2. CaBRNet: One framework to rule them all...
In a field of research as wide as XAI, where the proliferation of tools and methods is increasing,
seeking a common framework is a natural temptation that often leads to yet another tool that
evolves besides the rest. To minimize this risk, CaBRNet is designed with three main objectives,
essential for a lasting acceptance: supporting past state-of-the-art methods through backward
compatibility, facilitating present developments by striving for modularity, and ensuring their
reusability in future works through reproducibility.

2.1. Modularity
While each model has its own specific properties (e.g., decision tree in ProtoTree, scoring sheet in
PIP-Net, linear layer in ProtoPNet), CBR image classifiers from the state of the art [1, 2, 3, 4, 5, 6]

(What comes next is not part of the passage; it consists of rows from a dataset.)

(* Let $\lambda=2\cos(\pi/5)$ and let $H_5$ be the subgroup of $SL(2,\mathbb R)$ generated by $S=\begin{pmatrix}0&1\\-1&0\end{pmatrix}$ and $T=\begin{pmatrix}1&\lambda\\0&1\end{pmatrix}$. Let $\tau,\pi\in\mathbb Z[\lambda]$ be nonzero and let $a$ and $b$ be the smallest positive rational integers in the ideals $(\tau)$ and $(\pi)$ respectively. Suppose $\gcd(a,b)=1$. Then $H_5=H(\tau)H(\pi)$ and $[H_5:H(\tau\pi)]=[H_5:H(\tau)]\,[H_5:H(\pi)]$.
   Context: For $\alpha\in\mathbb Z[\lambda]$, $H(\alpha)=\{(a_{ij})\in H_5 : a_{11}-1,\ a_{22}-1,\ a_{12},\ a_{21}\in \alpha\mathbb Z[\lambda]\}$ is the principal congruence subgroup of level $\alpha$. *)

From HB Require Import structures.
From mathcomp Require Import all_boot all_order all_algebra.
From mathcomp Require Import all_classical all_reals all_analysis.
Set Implicit Arguments. Unset Strict Implicit. Unset Printing Implicit Defensive.
Import Order.TTheory GRing.Theory Num.Theory.
Local Open Scope ring_scope.

Section Hecke.
Variable R : realType.

Definition lam : R := 2 * cos (pi / 5%:R).

Definition inZl (x : R) : Prop := exists a b : int, x = a%:~R + b%:~R * lam.

Definition inIdeal (alpha x : R) : Prop := exists z, inZl z /\ x = alpha * z.

Definition Smat : 'M[R]_2 := \matrix_(i < 2, j < 2)
  (if (i == 0) && (j == 0) then 0 else if (i == 0) then 1
   else if (j == 0) then -1 else 0).
Definition Tmat : 'M[R]_2 := \matrix_(i < 2, j < 2)
  (if (i == 0) && (j == 0) then 1 else if (i == 0) then lam
   else if (j == 0) then 0 else 1).

Definition gens (g : 'M[R]_2) : Prop :=
  g = Smat \/ g = invmx Smat \/ g = Tmat \/ g = invmx Tmat.

Inductive H5 : 'M[R]_2 -> Prop :=
| H5_one : H5 1%:M
| H5_mul g M : gens g -> H5 M -> H5 (g *m M).

Definition Hcong (alpha : R) (M : 'M[R]_2) : Prop :=
  H5 M /\ inIdeal alpha (M 0 0 - 1) /\ inIdeal alpha (M 1 1 - 1)
       /\ inIdeal alpha (M 0 1) /\ inIdeal alpha (M 1 0).

Definition least_pos_int (alpha : R) (a : nat) : Prop :=
  (0 < a)%N /\ inIdeal alpha a%:R /\
  forall m : nat, (0 < m)%N -> inIdeal alpha m%:R -> (a <= m)%N.

Definition coset_reps (G H : 'M[R]_2 -> Prop) (s : seq 'M[R]_2) : Prop :=
  (forall r, r \in s -> G r) /\
  (forall i j, (i < size s)%N -> (j < size s)%N ->
      H (invmx (nth 0 s i) *m nth 0 s j) -> i = j) /\
  (forall g, G g -> exists2 r, r \in s & H (invmx r *m g)).

Definition group_index (G H : 'M[R]_2 -> Prop) (n : nat) : Prop :=
  exists s, size s = n /\ coset_reps G H s.

End Hecke.

From Pilot Require Import Defs.
From HB Require Import structures.
From mathcomp Require Import all_boot all_order all_algebra.
From mathcomp Require Import all_classical all_reals all_analysis.
From mathcomp Require Import ring lra.
Import Order.TTheory GRing.Theory Num.Theory.
Local Open Scope ring_scope.

(* With [u a + v b = 1], the unipotent [T^k] is congruent modulo [pi0] to
   [T^(k u a)], which lies in [H(tau)]; the same holds for the lower unipotent
   [L^k = S T^k S^-1].  Since [lam^2 = lam + 1] makes [S] a word in [T^-1] and
   [L^-1], every [M] in [H5] is congruent modulo [pi0] to some [A] in [H(tau)],
   and then [M = A (A^-1 M)] with [A^-1 M] in [H(pi0)].
   Left cosets of [H(al)] are congruence classes modulo [al]; there are finitely
   many of them because some positive integer lies in [(al)] and the entries lie
   in [Z + Z lam].  As [(tau) + (pi0)] contains [u a + v b = 1], congruence modulo
   [tau pi0] means congruence modulo both, and the decomposition [H5 = H(tau) H(pi0)]
   provides a Chinese remainder theorem for cosets, so the indices multiply. *)

Set Implicit Arguments.
Unset Strict Implicit.

Section Transversal.
Variables (T : eqType) (z0 : T) (e : T -> T -> Prop).
Hypotheses (e_refl : forall z : T, e z z) (e_sym : forall z w : T, e z w -> e w z).

Definition uniq_upto (s : seq T) := forall i j, (i < size s)%N -> (j < size s)%N ->
  e (nth z0 s i) (nth z0 s j) -> i = j.

Lemma exists_transversal (l : seq T) : exists s, [/\ {subset s <= l}, uniq_upto s &
  forall w, w \in l -> exists2 r, r \in s & e r w].
Proof.
elim: l => [|z l [s [sl s_uniq s_cover]]].
  by exists [::]; split => // i j; rewrite ltn0.
have [[r0 r0s r0z] | z_new] := pselect (exists2 r, r \in s & e r z).
  exists s; split=> [r /sl | | w].
  - by rewrite inE orbC => ->.
  - exact: s_uniq.
  by rewrite inE => /predU1P[-> | /s_cover]; [exists r0|].
exists (z :: s); split=> [r | [|i] [|j] //= ? ? eij | w].
- by rewrite !inE => /predU1P[-> | /sl ->]; rewrite ?eqxx ?orbT.
- by case: z_new; exists (nth z0 s j); [apply: mem_nth | apply: e_sym].
- by case: z_new; exists (nth z0 s i); [apply: mem_nth|].
- by congr S; apply: s_uniq.
rewrite inE => /predU1P[-> | /s_cover[r rs ry]]; first by exists z; rewrite ?inE ?eqxx.
by exists r; rewrite ?inE ?rs ?orbT.
Qed.

End Transversal.

Section InverseMatrix.
Variables (F : comUnitRingType) (n : nat).
Implicit Types A B : 'M[F]_n.

Lemma invmx_right A B : A *m B = 1%:M -> invmx A = B.
Proof.
move=> AB1; have [uA _] := mulmx1_unit AB1.
by rewrite -[B](mulKmx uA) AB1 mulmx1.
Qed.

Lemma invmxM A B : A \in unitmx -> B \in unitmx -> invmx (A *m B) = invmx B *m invmx A.
Proof.
move=> uA uB; apply: invmx_right.
by rewrite mulmxA -(mulmxA A) mulmxV // mulmx1 mulmxV.
Qed.

End InverseMatrix.

Section Hecke5.
Variable R : realType.
Local Notation M2 := 'M[R]_2.
Local Notation lam := (@lam R).
Implicit Types (al x y : R) (A B M : M2).

Lemma lam_sqr : lam ^+ 2 = lam + 1.
Proof.
rewrite /Defs.lam; set x := pi / 5%:R; set c := cos x; set s := sin x.
have s2 : s ^+ 2 = 1 - c ^+ 2 by rewrite /s /c -(cos2Dsin2 x); ring.
(* [3x = pi - 2x] gives [cos 3x = - cos 2x], i.e. [(c + 1) (4c^2 - 2c - 1) = 0]. *)
have cos3x : cos (x + x + x) = - cos (x + x).
  have -> : x + x + x = pi - (x + x) by rewrite /x; field.
  by rewrite cosB cospi sinpi; ring.
rewrite !cosD !sinD -/c -/s in cos3x.
have c_gt0 : 0 < c.
  have pi_gt0 := pi_gt0 R.
  by apply: cos_gt0_pihalf; rewrite /x; apply/andP; split; lra.
have : (c + 1) * (4 * c ^+ 2 - 2 * c - 1) = 0.
  have -> : (c + 1) * (4 * c ^+ 2 - 2 * c - 1) =
    (((c * c - s * s) * c - (s * c + c * s) * s) - (- (c * c - s * s)))
    + (3 * c + 1) * (s ^+ 2 - (1 - c ^+ 2)) by ring.
  by rewrite cos3x s2 !subrr mulr0 addr0.
move/eqP; rewrite mulf_eq0 => /orP[/eqP|/eqP quad]; first by lra.
by apply/eqP; rewrite -subr_eq0 -quad; apply/eqP; ring.
Qed.

Lemma inZl_int (k : int) : inZl (k%:~R : R).
Proof. by exists k, 0; rewrite mul0r addr0. Qed.

Lemma inZl0 : inZl (0 : R).
Proof. exact: inZl_int 0. Qed.

Lemma inZl1 : inZl (1 : R).
Proof. exact: inZl_int 1. Qed.

Lemma inZl_lam : inZl lam.
Proof. by exists 0, 1; rewrite mul1r add0r. Qed.

Lemma inZlD x y : inZl x -> inZl y -> inZl (x + y).
Proof.
move=> [a [b ->]] [c [d ->]]; exists (a + c), (b + d).
by rewrite !rmorphD /=; ring.
Qed.

Lemma inZlN x : inZl x -> inZl (- x).
Proof. by move=> [a [b ->]]; exists (- a), (- b); rewrite !rmorphN /=; ring. Qed.

Lemma inZlM x y : inZl x -> inZl y -> inZl (x * y).
Proof.
move=> [a [b ->]] [c [d ->]]; exists (a * c + b * d), (a * d + b * c + b * d).
rewrite !rmorphD !rmorphM /=.
have -> : (a%:~R + b%:~R * lam) * (c%:~R + d%:~R * lam) =
   a%:~R * c%:~R + (a%:~R * d%:~R + b%:~R * c%:~R) * lam
   + b%:~R * d%:~R * lam ^+ 2 :> R by ring.
by rewrite lam_sqr; ring.
Qed.

Lemma inIdeal0 al : inIdeal al 0.
Proof. by exists 0; rewrite mulr0; split => //; apply: inZl0. Qed.

Lemma inIdealD al x y : inIdeal al x -> inIdeal al y -> inIdeal al (x + y).
Proof.
move=> [z [Zz ->]] [w [Zw ->]]; exists (z + w).
by rewrite mulrDr; split => //; apply: inZlD.
Qed.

share a common architecture, displayed on Figure 1. In CaBRNet, this common architecture can
be parametrized at will using a set of YAML files that are stored in each training directory for
reproducibility (see Sec. 2.3).
   More precisely, as shown in Figure 1 and Table 1, the architecture of a CBR image classifier
starts with a backbone – usually the feature extractor of an existing convolutional neural
network (CNN) such as ResNet50 – with optional additional layers to reduce dimensionality
(e.g., the fourth layer of a ResNet50 followed by a convolutional layer with sigmoid activation).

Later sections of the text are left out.